Although only a fraction of the requirements was analyzed, we have discovered several violations of the requirements. In particular, we found a large segment of code that was supposed to be executed in every minor frame, but was only visited once per major frame. This immediately made several of the requirements, including requirement 8, fail. The problem was traced to a misplaced parenthesis in the kernel pseudocode.

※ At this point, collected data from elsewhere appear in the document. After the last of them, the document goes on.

Lemma wf_recursive_choice (T A : Type) (lt : T -> T -> Prop)
    (Q : T -> (A -> Prop) -> A -> Prop) :
  well_founded lt -> inhabited A ->
  (forall x (f : T -> A), exists a, Q x (fun b => exists2 y, lt y x & f y = b) a) ->
  exists r : T -> A, forall x, Q x (fun b => exists2 y, lt y x & r y = b) (r x).
Proof.
move=> wf_lt [a0] step.
pose total x (f : forall y, lt y x -> A) y :=
  if pselect (lt y x) is left lt_yx then f y lt_yx else a0.
pose F x f := sval (cid (step x (total x f))).
pose r := Fix wf_lt (fun _ => A) F.
have r_fix x : r x = F x (fun y _ => r y).
  apply: Fix_eq => {}x f g eq_fg; rewrite /F; congr (sval (cid (step x _))).
  by apply: funext => y; rewrite /total; case: pselect.
exists r => x; rewrite r_fix /F; case: cid => a /=.
congr (Q x _ a); apply: funext => b; apply: propext.
by split=> -[y lt_yx <-]; exists y; rewrite // /total; case: pselect.
Qed.

Definition rat_enum (k : nat) : R :=
  let (a, q) := Cantor.of_nat k in let (p, p') := Cantor.of_nat a in
  (INR p - INR p') / INR q.+1.

Lemma rat_enum_dense x y : x < y -> exists k, x < rat_enum k < y.
Proof.
move=> lt_xy; have [N [N_small N_gt0]] := archimed_cor1 (y - x) ltac:(lra).
have N_pos : 0 < INR N by apply: lt_0_INR.
have [] := archimed (x * INR N); set z := up _ => z_gt z_le.
set p := Z.to_nat z; set p' := Z.to_nat (- z).
have z_E : IZR z = INR p - INR p'.
  by rewrite !INR_IZR_INZ -minus_IZR; congr IZR; rewrite /p /p'; lia.
exists (Cantor.to_nat (Cantor.to_nat (p, p'), N.-1)).
rewrite /rat_enum !Cantor.cancel_of_to -z_E prednK; last by apply/ltP.
have zK : IZR z / INR N * INR N = IZR z by field; lra.
have gap : 1 < (y - x) * INR N.
  by rewrite -(Rinv_l (INR N)); [apply: Rmult_lt_compat_r | lra].
by split; apply: (Rmult_lt_reg_r (INR N)); rewrite ?zK; lra.
Qed.

Definition seq_code (t : nat -> R) : continuum :=
  fun n => let (m, k) := Cantor.of_nat n in
           if Rlt_dec (rat_enum k) (t m) then true else false.

Lemma seq_code_inj : injective seq_code.
Proof.
move=> t1 t2 eq_code; apply: funext => m.
have cut_eq k : (rat_enum k < t1 m) <-> (rat_enum k < t2 m).
  have := f_equal (fun c => c (Cantor.to_nat (m, k))) eq_code.
  rewrite /seq_code Cantor.cancel_of_to.
  by do 2 case: Rlt_dec => ? //; split.
have [lt12|[//|lt21]] := Rtotal_order (t1 m) (t2 m).
- have [k [? ?]] := rat_enum_dense lt12; have := cut_eq k; lra.
- have [k [? ?]] := rat_enum_dense lt21; have := cut_eq k; lra.
Qed.

Lemma inj_has_left_inverse (A B : Type) (f : A -> B) :
  injective f -> inhabited A -> exists g : B -> A, cancel f g.
Proof.
move=> inj_f [a0].
exists (fun b => if pselect (exists a, f a = b) is left ex then sval (cid ex) else a0).
move=> a; case: pselect => [ex|]; last by case; exists a.
by apply: inj_f; case: cid.
Qed.

Lemma continuum_onto_sequences :
  exists code : continuum -> nat -> R, forall t, exists xi, code xi = t.
Proof.
have [code codeK] := inj_has_left_inverse seq_code_inj (inhabits (fun=> 0)).
by exists code => t; exists (seq_code t).
Qed.

Lemma countable_sub (A B : R -> Prop) :
  (forall x, A x -> B x) -> countable_set B -> countable_set A.
Proof. by move=> sAB [f f_onto]; exists f => x /sAB /f_onto. Qed.

Lemma countable_empty (A : R -> Prop) : (forall x, ~ A x) -> countable_set A.
Proof. by move=> A0; exists (fun=> 0) => x /A0. Qed.

Lemma uncountable_nonempty (A : R -> Prop) : uncountable_set A -> exists x, A x.
Proof.
move=> unc_A; apply: contrapT => A0; apply: unc_A; apply: countable_empty.
by move=> x Ax; apply: A0; exists x.
Qed.

Lemma countable_set1 a : countable_set (fun x => x = a).
Proof. by exists (fun=> a) => x ->; exists 0%N. Qed.

Lemma countable_bigU (A : nat -> R -> Prop) :
  (forall n, countable_set (A n)) -> countable_set (fun x => exists n, A n x).
Proof.
move=> /choice[f f_onto].
exists (fun m => let (n, k) := Cantor.of_nat m in f n k) => x [n /f_onto [k <-]].
by exists (Cantor.to_nat (n, k)); rewrite Cantor.cancel_of_to.
Qed.

Lemma countableU (A B : R -> Prop) :
  countable_set A -> countable_set B -> countable_set (fun x => A x \/ B x).
Proof.
move=> cA cB; pose AB n := if n is 0%N then A else B.
apply: (@countable_sub _ (fun x => exists n, AB n x)); last by apply: countable_bigU => -[].
by move=> x [Ax|Bx]; [exists 0%N | exists 1%N].
Qed.

Lemma countable_opp (A : R -> Prop) :
  countable_set A -> countable_set (fun x => A (- x)).
Proof.
move=> [f f_onto]; exists (fun n => - f n) => x /f_onto [n fn].
by exists n; rewrite fn Ropp_involutive.
Qed.

(* [m] is the least condensation point of [Y]. *)
Lemma countable_left_tail (Y : R -> Prop) l u :
  (forall y, Y y -> l <= y <= u) -> uncountable_set Y ->
  exists m, countable_set (fun y => Y y /\ y < m) /\
            forall a, m < a -> uncountable_set (fun y => Y y /\ y < a).
Proof.
move=> Y_lu unc_Y; pose S a := countable_set (fun y => Y y /\ y < a).
have S_ub a : S a -> a <= u.
  move=> cnt_a; apply: Rnot_lt_le => lt_ua; apply: unc_Y; apply: countable_sub cnt_a.
  by move=> y Yy; have := Y_lu y Yy; split=> //; lra.
have S_l : S l by apply: countable_empty => y [/Y_lu]; lra.
have [m [m_ub m_lub]] := completeness S (ex_intro _ u S_ub) (ex_intro _ l S_l).
exists m; split=> [|a lt_ma cnt_a]; last by have := m_ub a cnt_a; lra.
apply: (@countable_sub _ (fun y => exists n, Y y /\ y < m - / INR n.+1)).
  move=> y [Yy lt_ym]; have [N [N_small N_gt0]] := archimed_cor1 (m - y) ltac:(lra).
  by exists N.-1; rewrite prednK; [split=> //; lra | apply/ltP].
apply: countable_bigU => n.
have [a [S_a lt_a]] : exists a, S a /\ m - / INR n.+1 < a.
  apply: contrapT => none.
  have := Rinv_0_lt_compat _ (lt_0_INR n.+1 (Nat.lt_0_succ n)).
  suff : m <= m - / INR n.+1 by lra.
  by apply: m_lub => a S_a; apply: Rnot_lt_le => lt_a; apply: none; exists a.
by apply: countable_sub S_a => y [Yy lt_y]; split=> //; lra.
Qed.

Definition uncountable_in (X : R -> Prop) (l u : R) :=
  uncountable_set (fun x => X x /\ l <= x <= u).

Lemma uncountable_in_le X l u : uncountable_in X l u -> l <= u.
Proof. by move=> /uncountable_nonempty [x [_ ?]]; lra. Qed.

Lemma uncountable_in_separate X l u :
  uncountable_in X l u -> exists a b, [/\ a < b, uncountable_in X l a & uncountable_in X b u].
Proof.
move=> unc; set Y := fun x => X x /\ l <= x <= u.
have [m [cnt_left unc_right]] :=
  @countable_left_tail Y l u (fun y (Yy : Y y) => proj2 Yy) unc.
have [m' [cnt_left' unc_right']] : exists m', countable_set (fun y => Y (- y) /\ y < m') /\
    forall a, m' < a -> uncountable_set (fun y => Y (- y) /\ y < a).
  apply: (@countable_left_tail _ (- u) (- l)) => [y [_ ?]|/countable_opp cnt]; first lra.
  by apply: unc; apply: countable_sub cnt => y Yy; rewrite Ropp_involutive.
pose M := - m'. (* the largest condensation point of [Y] *)
have cnt_above : countable_set (fun y => Y y /\ M < y).
  apply: countable_sub (countable_opp cnt_left') => y [Yy lt_y].
  by rewrite Ropp_involutive; split=> //; rewrite /M in lt_y; lra.
have unc_above b : b < M -> uncountable_set (fun y => Y y /\ b < y).
  move=> lt_b /countable_opp cnt; apply: (unc_right' (- b)); first by rewrite /M in lt_b; lra.
  by apply: countable_sub cnt => y [Yy lt_y]; split=> //; lra.
have lt_mM : m < M.
  apply: Rnot_le_lt => le_Mm; apply: unc.
  apply: countable_sub (countableU cnt_left (countableU (countable_set1 m) cnt_above)).
  move=> x Yx; have [lt|[eq|gt]] := Rtotal_order x m; [left|right; left|right; right] => //.
  by split=> //; lra.
exists ((2 * m + M) / 3), ((m + 2 * M) / 3); split; first lra.
- move=> cnt; apply: (unc_right ((2 * m + M) / 3)); first lra.
  by apply: countable_sub cnt => y [[Xy ?] ?]; split=> //; lra.
- move=> cnt; apply: (unc_above ((m + 2 * M) / 3)); first lra.
  by apply: countable_sub cnt => y [[Xy ?] ?]; split=> //; lra.
Qed.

After the parenthesis problem had been fixed, we performed verification of failed requirements again. Verification of requirement 8 still failed. We discovered that, although each of the operations prescribed by the requirement was performed in each minor frame, the order of the operations was different. According to the pseudocode, the node delivered data prepared in the previous frame at the beginning of the next frame. Therefore, voting and delivery of data were separated by a minor frame boundary contrary to the requirement.
Another requirement that failed during analysis stated that fault isolation should be performed in each minor frame. This was discovered by a simple tester process that expected strict alternation of minor frame boundary signals and calls to a recovery function. It turned out that these two requirements had been modified in the course of the RMS design. Subsequently, designers of the FTE made the necessary changes directly to the code. The pseudocode, however, has never been updated, and did not comply with the new requirements.
Requirement 4 (exclusion of a faulty node) is the only global property that we were able to analyze so far. We introduced faults into voter of node 2 and into CCDL channel from node 0 to node 2. For all types of faults we modeled, we observed events reset [2] , exclude[0] [2] , and exclude[1] [2] . That is, the faulty node was reset and the two good nodes performed exclusion as required. In all cases, exclusion was achieved within one major frame. The summary of experimental results for several of the faults is presented in Table 1 . The specification contains 3 FTE control processes, 3 timer processes, 9 CCDL control processes, and 1 observer process, as well as 36 3-bit integer and 189 boolean variables. The large number of concurrent processes makes representation of a global state in the LTS more complex. This explains high memory requirements and verification time. Reduced size of the LTS in some of the experiments is caused by a fast reset of the faulty node.
Conclusions and Future Work
We were quite surprised to discover errors in the RMS specification. The fact that preliminary RMS X-33 implementation had been successfully delivered allowed us to assume that most problems had been discovered during the design stage. None of the errors uncovered during this effort was present in the actual implementation of RMS and, to the best of our knowledge, the current RMS implementation complies with all the requirements. The source of all errors is the discrepancy between the pseudocode and the actual code. This discrepancy may have an impact if the FTE pseudocode is used later for maintenance or modification of the RMS.
The translation of the pseudocode into a set of ACSR processes was conducted by hand. We found this to be a lengthy and error-prone process. In fact, majority of discovered errors turned out to be introduced during translation. While translation by hand may be unavoidable with informal design notations like pseudocode, it is very desirable to develop automatic or semi-automatic translations for more rigorous design notations, for example UML [4] . Efforts to verify the RMS specification are still under way. We keep refining abstractions used in propertydependent specifications in order to come up with smaller specifications that can be processed with the available hardware.